そして、目の下のクマは痛々しいけれど、眉間のシワは綺麗に消えていた。


「……可愛い」


思わず、本音が漏れた。

クラスの皆に見せたら、きっと大騒ぎになるだろう。

でも、見せない。

この顔を見れるのは、今、この理科室にいるあたしだけだ。


(……なんか、征服感あるなあ)


彼女の意識を、あたしが奪った。

彼女の安眠を、あたしが支配している。


その事実が、胸の奥をくすぐった。

これは、優越感? それとも――。


「……んぅ……」


栞が小さく身じろぎをして、何かを呟いた。


「……ママ……?」

「……ぶっ」


あたしは吹き出しそうになるのを必死で堪えた。

ママて。

普段あんなにツンケンしてるのに、夢の中では甘えん坊かよ。


ギャップ萌えで殺す気か。


「……残念ながら、ママじゃないよ。
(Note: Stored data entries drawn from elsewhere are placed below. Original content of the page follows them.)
Definition supnormK {d} (K : vec d -> Prop) (g : vec d -> R) : R :=
  Rsup (fun y => exists x, K x /\ y = Rabs (g x)).
Definition supnormK_vec {d} (K : vec d -> Prop) (g : vec d -> vec d) : R :=
  Rsup (fun y => exists x, K x /\ y = enorm (g x)).

Definition C1norm {d} (K : vec d -> Prop) (f : vec d -> R) : R :=
  supnormK K f +
  Rinf (fun y => exists df, is_cont_deriv K f df /\ y = supnormK_vec K df).

Definition C1_complete {d} (K : vec d -> Prop) : Prop :=
  forall u : nat -> vec d -> R,
    (forall n, C1 K (u n)) ->
    (forall eps, 0 < eps -> exists N, forall n m, (N <= n)%nat -> (N <= m)%nat ->
       C1norm K (fun x => u n x - u m x) < eps) ->
    exists f, C1 K f /\
      forall eps, 0 < eps -> exists N, forall n, (N <= n)%nat ->
        C1norm K (fun x => u n x - f x) < eps.

From Pilot Require Import Defs.
From HB Require Import structures.
From Stdlib Require Import Reals Lra Classical ClassicalEpsilon FunctionalExtensionality.
From mathcomp Require Import ssreflect ssrbool ssrfun eqtype ssrnat seq fintype bigop.
Open Scope R_scope.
ただの通りすがりの陽キャですー」


あたしは小声でツッコミを入れつつ、彼女の髪をそっと指で梳いた。

サラサラとした感触。

シャンプーのいい匂いがした。


「……ゆっくり寝なよ、栞ちゃん」


あたしは近くの丸椅子に座り直し、スマホを取り出した。

LIMEの通知が溜まっているけれど、今は返す気になれない。


この静寂な理科室で、彼女の寝息をBGMに、夕日が沈むのを見届ける。

それは、いつも騒がしい世界に生きるあたしにとっても、思いがけない「癒やし」の時間だった。